Use this after you have written your own answers. The point is comparison, not copying.

Strong Module 09 answers do not just list commands. They explain:

  • what operational question is being asked
  • why the chosen evidence surface matches that question
  • how the resulting change or response preserves truth

Exercise 1: Split one "slow build" complaint into layers

A strong answer compares at least:

  • a dry-run timing signal such as /usr/bin/time -p make -n all
  • a full-build timing signal such as /usr/bin/time -p make all
  • a trace or evidence-size signal such as make --trace all > build/trace.log && wc -l build/trace.log

The key reasoning is:

  • expensive dry-run suggests parse or evaluation cost
  • cheap dry-run plus expensive full build suggests recipe cost
  • huge trace output suggests observability overhead as an operational problem

The answer is strongest when it says how the next decision would differ depending on which layer dominates.

Exercise 2: Add one bounded observability surface

A strong answer names one explicit question, such as:

how many lines of trace output does a normal route emit?

and then proposes a bounded route such as:

.PHONY: trace-count

trace-count:
    @make --trace -n all 2>&1 | wc -l

The important move is architectural:

  • the evidence surface is named
  • it answers one question
  • it does not mutate normal outputs

A good answer usually removes some ad hoc recipe prints in exchange.

Exercise 3: Write a triage ladder for one flaky symptom

A strong answer usually includes:

  1. confirm the exact symptom
  2. reproduce the same target and assumptions
  3. preview with -n if intent is the question
  4. use --trace if causality is the question
  5. use -p if resolved state is the question

The strongest answers explicitly say why editing the Makefile is not the first move:

editing too early changes the conditions before the failure boundary is understood.

That is the real lesson.

Exercise 4: Propose one truth-preserving optimization

A good answer might identify repeated parse-time discovery shell-outs and replace them with a stable manifest or script boundary.

For example:

build/discovery.manifest: scripts/list_sources.py src/ | build/
    @python3 scripts/list_sources.py src > $@.tmp
    @cmp -s $@.tmp $@ 2>/dev/null || mv $@.tmp $@
    @rm -f $@.tmp

This is strong because the optimization removes repeated work while preserving:

  • explicit inputs
  • a convergent boundary
  • inspectable build meaning

The post-change proof should usually include both a timing comparison and a truth check such as make -q all or a discovery audit.

Exercise 5: Write a small operational runbook entry

A strong runbook entry includes:

  • one sanity or convergence check
  • one command for resolved-state or serial/parallel comparison
  • one escalation trigger
  • one warning against destructive first moves

For example:

Run make all and make -q all.

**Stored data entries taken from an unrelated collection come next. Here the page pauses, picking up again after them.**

(* Let $N, M \ge 1$ be integers, let $t_1,\ldots,t_N$ be real time points and $f_1,\ldots,f_M$ real frequencies, and let $B\in\mathbb{C}^{N\times M}$ have entries $B_{k,m}=\exp(-i2\pi f_m t_k)$. Let $A=\left[\mathbf{1}_N\ \ \mathrm{Re}(B)\ \ \mathrm{Im}(B)\right]\in\mathbb{R}^{N\times(2M+1)}$, where $\mathbf{1}_N$ is the all-ones column vector. Let $\sigma^2>0$, let $\alpha_0,\alpha_1,\ldots,\alpha_M>0$, and let $\Gamma=\mathrm{diag}(\alpha_0,\alpha_1,\ldots,\alpha_M,\alpha_1,\ldots,\alpha_M)$. Let $\Omega=\{1,\ldots,N\}$. For $J\subseteq\Omega$ let $P_J\in\mathbb{R}^{N\times N}$ be the diagonal matrix with $(P_J)_{kk}=1$ if $k\in J$ and $0$ otherwise, and define $$\Sigma^{(J)}_{post_y}=\sigma^2 I_N + A\left(\tfrac{1}{\sigma^2}A^TP_JA+\Gamma^{-1}\right)^{-1}A^T,\qquad \Sigma_y=\sigma^2 I_N + A\Gamma A^T,$$ $$f(J)=\mathrm{tr}(\Sigma_y)-\mathrm{tr}\left(\Sigma^{(J)}_{post_y}\right),$$ and for $i\in\Omega$ the marginal gain $f_i(J)=f(J\cup\{i\})-f(J)$. Then $f_i(J)>0$ for all $J\subset\Omega$ and all $i\in\Omega\setminus J$.
   Context: Here $\mathrm{Re}(B)$ and $\mathrm{Im}(B)$ denote the entrywise real and imaginary parts of $B$, and $\mathrm{tr}$ denotes the matrix trace. The matrix $\Sigma^{(J)}_{post_y}$ is the posterior predictive covariance of a Bayesian linear model $Y=AX+\text{noise}$ with prior covariance $\Gamma$ on $X$, noise variance $\sigma^2$, and observations only at the time indices in $J$. *)

From HB Require Import structures.
From mathcomp Require Import all_boot all_order all_algebra.
From mathcomp Require Import reals trigo.
Set Implicit Arguments. Unset Strict Implicit. Unset Printing Implicit Defensive.
Import Order.TTheory GRing.Theory Num.Theory.
Local Open Scope ring_scope.

Section Model.
Variables (R : realType) (N M : nat).
Variables (t : 'I_N -> R) (fr : 'I_M -> R).

(* B_{k,m} = exp(-i 2 pi f_m t_k): Re = cos(2 pi f_m t_k), Im = - sin(2 pi f_m t_k) *)
Definition ReB : 'M[R]_(N, M) := \matrix_(k, m) cos (2 * pi * fr m * t k).
Definition ImB : 'M[R]_(N, M) := \matrix_(k, m) - sin (2 * pi * fr m * t k).

Definition Amx : 'M[R]_(N, 1 + (M + M)) :=
  row_mx (const_mx 1) (row_mx ReB ImB).

Definition Gamma (a0 : R) (a : 'I_M -> R) : 'M[R]_(1 + (M + M)) :=
  diag_mx (row_mx (a0%:M : 'M[R]_1) (row_mx (\row_m a m) (\row_m a m))).

Definition PJ (J : {set 'I_N}) : 'M[R]_N := diag_mx (\row_k (k \in J)%:R).

Definition Sigma_post (s2 a0 : R) (a : 'I_M -> R) (J : {set 'I_N}) : 'M[R]_N :=
  s2%:M + Amx *m invmx (s2^-1 *: (Amx^T *m PJ J *m Amx) + invmx (Gamma a0 a)) *m Amx^T.

Definition Sigma_y (s2 a0 : R) (a : 'I_M -> R) : 'M[R]_N :=
  s2%:M + Amx *m Gamma a0 a *m Amx^T.

Definition fgain (s2 a0 : R) (a : 'I_M -> R) (J : {set 'I_N}) : R :=
  \tr (Sigma_y s2 a0 a) - \tr (Sigma_post s2 a0 a J).

Definition marginal_gain (s2 a0 : R) (a : 'I_M -> R) (i : 'I_N) (J : {set 'I_N}) : R :=
  fgain s2 a0 a (J :|: [set i]) - fgain s2 a0 a J.
End Model.

(* Write Q_J := s2^-1 A^T P_J A + Gamma^-1, a positive definite matrix, so that
   f(J) = \tr(A Gamma A^T) - \tr(A Q_J^-1 A^T).  Adding a time index i changes Q_J
   by the rank-one term s2^-1 a^T a, where a is the i-th row of A, and the
   Sherman-Morrison formula gives
     Q_J^-1 - Q_(J+i)^-1 = s2^-1 / (1 + s2^-1 q) * Q_J^-1 a^T a Q_J^-1,
   with q = a Q_J^-1 a^T > 0.  Hence f_i(J) is a positive multiple of
   |A Q_J^-1 a^T|^2, and the i-th coordinate of that vector is q > 0;
   a != 0 because the first column of A is all ones. *)
From HB Require Import structures.
From mathcomp Require Import all_boot all_order all_algebra.
From mathcomp Require Import reals trigo.
From mathcomp Require Import ring lra.
Set Implicit Arguments. Unset Strict Implicit. Unset Printing Implicit Defensive.
Import Order.TTheory GRing.Theory Num.Theory.
Local Open Scope ring_scope.

Section PositiveDefinite.
Variable R : realFieldType.

Definition posdef n (Q : 'M[R]_n) :=
  forall u : 'rV_n, u != 0 -> 0 < (u *m Q *m u^T) 0 0.

Definition posemidef n (Q : 'M[R]_n) :=
  forall u : 'rV_n, 0 <= (u *m Q *m u^T) 0 0.

Lemma quadform_diag n (d u : 'rV[R]_n) :
  (u *m diag_mx d *m u^T) 0 0 = \sum_j d 0 j * u 0 j ^+ 2.
Proof. by rewrite mul_mx_diag !mxE; apply: eq_bigr => j _; rewrite !mxE; ring. Qed.

Lemma posdef_diag n (d : 'rV[R]_n) : (forall j, 0 < d 0 j) -> posdef (diag_mx d).
Proof.
move=> d_gt0 u u_neq0; rewrite quadform_diag.
have [j uj_neq0] : exists j, u 0 j != 0.
  apply/existsP; apply: contraR u_neq0 => /existsPn u0.
  by apply/eqP/rowP => j; rewrite mxE; apply/eqP/negPn.
rewrite (bigD1 j) //= ltr_pwDl //.
  by rewrite mulr_gt0 // exprn_even_gt0 //= uj_neq0.
by apply: sumr_ge0 => k _; rewrite mulr_ge0 ?sqr_ge0 ?ltW.
Qed.

Lemma posemidef_diag n (d : 'rV[R]_n) : (forall j, 0 <= d 0 j) -> posemidef (diag_mx d).
Proof.
by move=> d_ge0 u; rewrite quadform_diag sumr_ge0 // => j _; rewrite mulr_ge0 ?sqr_ge0.
Qed.

Lemma posemidef_congr m n (B : 'M[R]_(m, n)) (S : 'M_m) :
  posemidef S -> posemidef (B^T *m S *m B).
Proof.
move=> S_psd u; have := S_psd (u *m B^T).
by rewrite trmx_mul trmxK !mulmxA.
Qed.

Lemma posemidefZ n c (S : 'M[R]_n) : 0 <= c -> posemidef S -> posemidef (c *: S).
Proof. by move=> c_ge0 S_psd u; rewrite -scalemxAr -scalemxAl mxE mulr_ge0. Qed.

Lemma posdefD n (Q S : 'M[R]_n) : posdef Q -> posemidef S -> posdef (S + Q).
Proof.
move=> Q_pd S_psd u u_neq0.
by rewrite mulmxDr mulmxDl mxE ltr_wpDl ?S_psd ?Q_pd.
Qed.

Lemma posdef_unitmx n (Q : 'M[R]_n) : posdef Q -> Q \in unitmx.
Proof.
move=> Q_pd; rewrite -row_free_unit -kermx_eq0; apply/eqP/row_matrixP => j.
rewrite row0; apply/eqP; apply: contraT => u_neq0.
have := Q_pd _ u_neq0; rewrite -row_mul mulmx_ker row0 mul0mx mxE.
by rewrite ltxx.
Qed.

Lemma posdef_invmx n (Q : 'M[R]_n) : Q^T = Q -> posdef Q -> posdef (invmx Q).
Proof.
move=> Q_sym Q_pd u u_neq0.
have Q_unit := posdef_unitmx Q_pd.
have uQ_neq0 : u *m invmx Q != 0.
  by apply: contraNneq u_neq0 => uQ0; rewrite -(mulmxKV Q_unit u) uQ0 mul0mx.
have := Q_pd _ uQ_neq0.
by rewrite trmx_mul trmx_inv Q_sym mulmxKV // mulmxA.
Qed.

End PositiveDefinite.

Section RankOneUpdate.
Variable R : fieldType.

Lemma invmx_rank1_update n (Q : 'M[R]_n) (a : 'rV_n) c :
  let q := (a *m invmx Q *m a^T) 0 0 in
  Q \in unitmx -> Q + c *: (a^T *m a) \in unitmx -> 1 + c * q != 0 ->
  invmx Q - invmx (Q + c *: (a^T *m a))
    = (c / (1 + c * q)) *: (invmx Q *m a^T *m (a *m invmx Q)).
Proof.
move=> q Q_unit Q'_unit q_neq0.
set X := invmx Q; set Y := invmx (Q + _).
have Q'Xa : (Q + c *: (a^T *m a)) *m (X *m a^T) = (1 + c * q) *: a^T.
  rewrite mulmxDl mulmxA mulmxV // mul1mx -scalemxAl -!mulmxA.
  rewrite [a *m (X *m a^T)]mx11_scalar mul_mx_scalar mulmxA -/q.
  by rewrite scalerA scalerDl scale1r mulrC.
have YaT : Y *m a^T = (1 + c * q)^-1 *: (X *m a^T).
  by rewrite -[X *m a^T](mulKmx Q'_unit) Q'Xa -scalemxAr scalerA mulVf ?scale1r.
have -> : X - Y = Y *m (c *: (a^T *m a)) *m X.
  rewrite -[c *: _](addrK Q) [_ + Q]addrC.
  by rewrite mulmxBr mulmxBl mulVmx // mul1mx mulmxK.
by rewrite -scalemxAr -scalemxAl !mulmxA YaT -!scalemxAl scalerA mulrC.
Qed.

End RankOneUpdate.

Section TraceDecrease.
Variable R : realFieldType.

Lemma mxtrace_mul_tr N (v : 'cV[R]_N) : \tr (v^T *m v) = \sum_k v k 0 ^+ 2.
Proof. by rewrite /mxtrace big_ord1 mxE; apply: eq_bigr => k _; rewrite mxE expr2. Qed.

Lemma mxtrace_rank1_update_lt N n (A : 'M[R]_(N, n)) (Q : 'M_n) c i :
  let Q' := Q + c *: ((row i A)^T *m row i A) in
  Q^T = Q -> posdef Q -> Q' \in unitmx -> 0 < c -> row i A != 0 ->
  \tr (A *m invmx Q' *m A^T) < \tr (A *m invmx Q *m A^T).
Proof.
move=> Q' Q_sym Q_pd Q'_unit c_gt0 a_neq0; set a := row i A in Q' Q'_unit a_neq0 *.
set X := invmx Q; set q := (a *m X *m a^T) 0 0.
have X_sym : X^T = X by rewrite trmx_inv Q_sym.
have q_gt0 : 0 < q by apply: posdef_invmx.
have cq_gt0 : 0 < 1 + c * q by rewrite ltr_wpDl // mulr_gt0.
set v := A *m (X *m a^T).
have vi : v i 0 = q by rewrite /q -mulmxA -row_mul [RHS]mxE.
have v_norm_gt0 : 0 < \sum_k v k 0 ^+ 2.
  rewrite (bigD1 i) //= vi ltr_pwDl ?exprn_even_gt0 ?gt_eqF //.
  by apply: sumr_ge0 => k _; rewrite sqr_ge0.
rewrite -subr_gt0 -raddfB /= -mulmxBl -mulmxBr invmx_rank1_update;
  [|exact: posdef_unitmx|by []|by rewrite gt_eqF].
rewrite -/X -/q -scalemxAr -scalemxAl mxtraceZ.
have -> : A *m (X *m a^T *m (a *m X)) *m A^T = v *m v^T.
  by rewrite /v !trmx_mul trmxK X_sym !mulmxA.
by rewrite mxtrace_mulC mxtrace_mul_tr mulr_gt0 ?divr_gt0.
Qed.

End TraceDecrease.

Section ObservationMask.
Variable R : realType.

Lemma posemidef_PJ N (J : {set 'I_N}) : posemidef (PJ R J).
Proof. by apply: posemidef_diag => k; rewrite mxE ler0n. Qed.

Lemma PJ_setU1 N (J : {set 'I_N}) i : i \notin J ->
  PJ R (J :|: [set i]) = PJ R J + delta_mx i i.
Proof.
move=> iNJ; apply/matrixP => k l; rewrite !mxE in_setU in_set1.
have [<-|kl] := eqVneq k l; last first.
  by rewrite !mulr0n add0r; case: eqP => // <-; rewrite eq_sym (negbTE kl).
rewrite !mulr1n andbb; have [->|ki] := eqVneq k i.
  by rewrite (negbTE iNJ) add0r.
by rewrite orbF addr0.
Qed.

Lemma mulmx_delta_tr N n (A : 'M[R]_(N, n)) i :
  A^T *m delta_mx i i *m A = (row i A)^T *m row i A.
Proof.
by rewrite rowE trmx_mul -(mul_delta_mx (0 : 'I_1)) trmx_delta !mulmxA.
Qed.

Definition info_mx N n (A : 'M[R]_(N, n)) (D : 'M_n) c (J : {set 'I_N}) :=
  c *: (A^T *m PJ R J *m A) + D.

Lemma info_mx_tr N n (A : 'M[R]_(N, n)) D c J :
  D^T = D -> (info_mx A D c J)^T = info_mx A D c J.
Proof.
move=> D_sym; rewrite /info_mx linearD linearZ /= D_sym !trmx_mul trmxK.
by rewrite /PJ tr_diag_mx mulmxA.
Qed.

Lemma info_mx_posdef N n (A : 'M[R]_(N, n)) D c J :
  posdef D -> 0 <= c -> posdef (info_mx A D c J).
Proof.
move=> D_pd c_ge0; apply: posdefD => //.
exact/posemidefZ/posemidef_congr/posemidef_PJ.
Qed.

Lemma info_mx_setU1 N n (A : 'M[R]_(N, n)) D c (J : {set 'I_N}) i :
  i \notin J ->
  info_mx A D c (J :|: [set i]) = info_mx A D c J + c *: ((row i A)^T *m row i A).
Proof.
move=> iNJ; rewrite /info_mx PJ_setU1 // mulmxDr mulmxDl scalerDr addrAC.
by rewrite mulmx_delta_tr.
Qed.

Lemma trace_info_gain_gt0 N n (A : 'M[R]_(N, n)) D c (J : {set 'I_N}) i :
  D^T = D -> posdef D -> 0 < c -> i \notin J -> row i A != 0 ->
  0 < \tr (A *m invmx (info_mx A D c J) *m A^T)
      - \tr (A *m invmx (info_mx A D c (J :|: [set i])) *m A^T).
Proof.
move=> D_sym D_pd c_gt0 iNJ a_neq0.
rewrite subr_gt0 info_mx_setU1 //; apply: mxtrace_rank1_update_lt => //.
- exact: info_mx_tr.
- exact/info_mx_posdef/ltW.
- by rewrite -info_mx_setU1 //; apply/posdef_unitmx/info_mx_posdef/ltW.
Qed.

End ObservationMask.

Section Model.
Variables (R : realType) (N M : nat) (t : 'I_N -> R) (fr : 'I_M -> R).

Lemma Gamma_posdef a0 (a : 'I_M -> R) :
  0 < a0 -> (forall m, 0 < a m) -> posdef (Gamma a0 a).
Proof.
move=> a0_gt0 a_gt0; apply: posdef_diag => j; rewrite -[j]splitK.
case: split => [k|k] /=; first by rewrite row_mxEl mxE (ord1 k) mulr1n.
by rewrite row_mxEr -[k]splitK; case: split => l /=; rewrite ?row_mxEl ?row_mxEr mxE.
Qed.

Lemma Gamma_tr a0 (a : 'I_M -> R) : (Gamma a0 a)^T = Gamma a0 a.
Proof. exact: tr_diag_mx. Qed.

Lemma Amx_row_neq0 i : row i (Amx t fr) != 0.
Proof.
apply/eqP => /rowP/(_ (lshift (M + M) 0)).
by rewrite /Amx mxE row_mxEl !mxE; apply/eqP; rewrite oner_eq0.
Qed.

End Model.

Theorem lemma1 (R : realType) (N M : nat) (hN : (0 < N)%N) (hM : (0 < M)%N)
  (t : 'I_N -> R) (fr : 'I_M -> R) (s2 a0 : R) (a : 'I_M -> R)
  (hs2 : 0 < s2) (ha0 : 0 < a0) (ha : forall m, 0 < a m)
  (J : {set 'I_N}) (i : 'I_N) (hi : i \notin J) :
  0 < marginal_gain t fr s2 a0 a i J.
Proof.
have invGamma_tr : (invmx (Gamma a0 a))^T = invmx (Gamma a0 a).
  by rewrite trmx_inv Gamma_tr.
have invGamma_pd := posdef_invmx (Gamma_tr a0 a) (Gamma_posdef ha0 ha).
have s2V_gt0 : 0 < s2^-1 by rewrite invr_gt0.
have := trace_info_gain_gt0 invGamma_tr invGamma_pd s2V_gt0 hi (Amx_row_neq0 t fr i).
rewrite /marginal_gain /fgain /Sigma_post !mxtraceD /info_mx.
lra.
Qed.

If flakiness is reported, compare serial and -j behavior before editing the build. Escalate if the symptom cannot be reproduced with a stable route. Avoid cleaning first unless the runbook explicitly says the question is about clean-state behavior.

That is a real operational note, not just a command list.

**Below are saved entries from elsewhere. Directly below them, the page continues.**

(* Let $\{\mathbf{Y}_n\}_{n\ge1}$ be a pMAX random field (defined in the context). Let $n\ge 1$, $r\ge 0$ and $x,x'\in\mathbb{R}^2$, and assume the tail dependence coefficients appearing below exist. (a) If $r>0$, then $$\lambda(Y_{n+r}(x')\mid Y_n(x))=\begin{cases}0, & \alpha(x)<1,\\[2pt] \tfrac12\,\lambda(X_{n+r}(x')\mid X_n(x)), & \alpha(x)=1,\\[2pt] \lambda(X_{n+r}(x')\mid X_n(x)), & \alpha(x)>1.\end{cases}$$ (b) If $r=0$ and $x\neq x'$, then $$\lambda(Y_{n}(x')\mid Y_n(x))=\begin{cases}\lambda\big(Z_n(x')^{1/\alpha(x')}\mid Z_n(x)^{1/\alpha(x)}\big), & \alpha(x)<1,\\[2pt] \tfrac12\Big(\lambda(X_{n}(x')\mid X_n(x))+\lambda\big(Z_n(x')^{1/\alpha(x')}\mid Z_n(x)^{1/\alpha(x)}\big)\Big), & \alpha(x)=1,\\[2pt] \lambda(X_{n}(x')\mid X_n(x)), & \alpha(x)>1.\end{cases}$$
   Context: A random variable has the standard (unit) Fréchet distribution if $P(\cdot\le z)=e^{-1/z}$ for $z>0$. A pMAX random field is a sequence $\{\mathbf{Y}_n\}_{n\ge1}=\{Y_n(x):x\in\mathbb{R}^2\}_{n\ge1}$ with $Y_n(x)=X_n(x)\vee Z_n(x)^{1/\alpha(x)}$, where: (i) $\{\mathbf{X}_n\}_{n\ge1}=\{X_n(x):x\in\mathbb{R}^2\}_{n\ge1}$ is a stationary sequence of random fields with standard Fréchet marginals; (ii) $\{\mathbf{Z}_n\}_{n\ge1}=\{Z_n(x):x\in\mathbb{R}^2\}_{n\ge1}$ is a sequence of i.i.d. random fields with standard Fréchet marginals, independent of $\{\mathbf{X}_n\}$; (iii) $\alpha:\mathbb{R}^2\to(0,\infty)$ is a function. Here $a\vee b=\max(a,b)$. For random variables $U,V$, the (upper) tail dependence coefficient is $\lambda(V\mid U)=\lim_{y\to\infty}P(V>y\mid U>y)$. *)

From HB Require Import structures.
From mathcomp Require Import all_boot all_order all_algebra.
From mathcomp Require Import all_classical all_reals all_analysis.
Set Implicit Arguments. Unset Strict Implicit. Unset Printing Implicit Defensive.
Import Order.TTheory GRing.Theory Num.Theory.
Import numFieldNormedType.Exports.
Local Open Scope classical_set_scope.
Local Open Scope ring_scope.

Section Defs.
Context {d : measure_display} {T : measurableType d} {R : realType}.
Variable P : probability T R.

Definition R2 := (R * R)%type.

(* A finite-dimensional ("cylinder") event of a family of real random
   variables F indexed by I: the intersection of the events F i ∈ B over a
   finite list of (index, Borel set) pairs. *)
Definition cyl (I : Type) (F : I -> T -> R) (s : seq (I * set R)) : set T :=
  foldr (fun p A => (F p.1 @^-1` p.2) `&` A) setT s.

Definition meas_list (I : Type) (s : seq (I * set R)) : Prop :=
  foldr (fun p Q => measurable p.2 /\ Q) True s.

Definition pos_idx (A : Type) (s : seq ((nat * A) * set R)) : Prop :=
  foldr (fun p Q => (0 < p.1.1)%N /\ Q) True s.

Definition fam (F : nat -> R2 -> T -> R) : (nat * R2) -> T -> R :=
  fun i => F i.1 i.2.

Definition shift (F : nat -> R2 -> T -> R) (k : nat) : nat -> R2 -> T -> R :=
  fun n => F (n + k)%N.

Definition frechet_marginals (F : nat -> R2 -> T -> R) : Prop :=
  forall n x z, (0 < n)%N -> 0 < z ->
    P [set t | F n x t <= z] = (expR (- z^-1))%:E.

Definition stationary_seq (F : nat -> R2 -> T -> R) : Prop :=
  forall (k : nat) (s : seq ((nat * R2) * set R)), meas_list s -> pos_idx s ->
    P (cyl (fam (shift F k)) s) = P (cyl (fam F) s).

Definition indep_families (J : eqType) (I : Type) (Jok : J -> Prop)
  (Iok : seq (I * set R) -> Prop) (F : J -> I -> T -> R) : Prop :=
  forall (js : seq J) (ss : J -> seq (I * set R)),
    uniq js ->
    (forall j, j \in js -> Jok j /\ meas_list (ss j) /\ Iok (ss j)) ->
    P (foldr (fun j A => cyl (F j) (ss j) `&` A) setT js)
    = foldr (fun j a => (P (cyl (F j) (ss j)) * a)%E) 1%E js.

Definition iid_fields (F : nat -> R2 -> T -> R) : Prop :=
  indep_families (fun n => (0 < n)%N) (fun _ => True) F /\
  forall (n m : nat) (s : seq (R2 * set R)), (0 < n)%N -> (0 < m)%N ->
    meas_list s -> P (cyl (F n) s) = P (cyl (F m) s).

Definition indep_seqs (F G : nat -> R2 -> T -> R) : Prop :=
  indep_families (fun _ => True) (@pos_idx R2)
    (fun b : bool => if b then fam F else fam G).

What mastery-level answers sound like

A mastery-level answer set in this module does three things well:

  • it separates cost and incident layers instead of using vague words like "slow" or "flaky"
  • it treats observability as a designed surface rather than as scattered prints
  • it treats performance tuning as valid only when truth and evidence quality survive the change

That is the standard Module 09 is trying to build.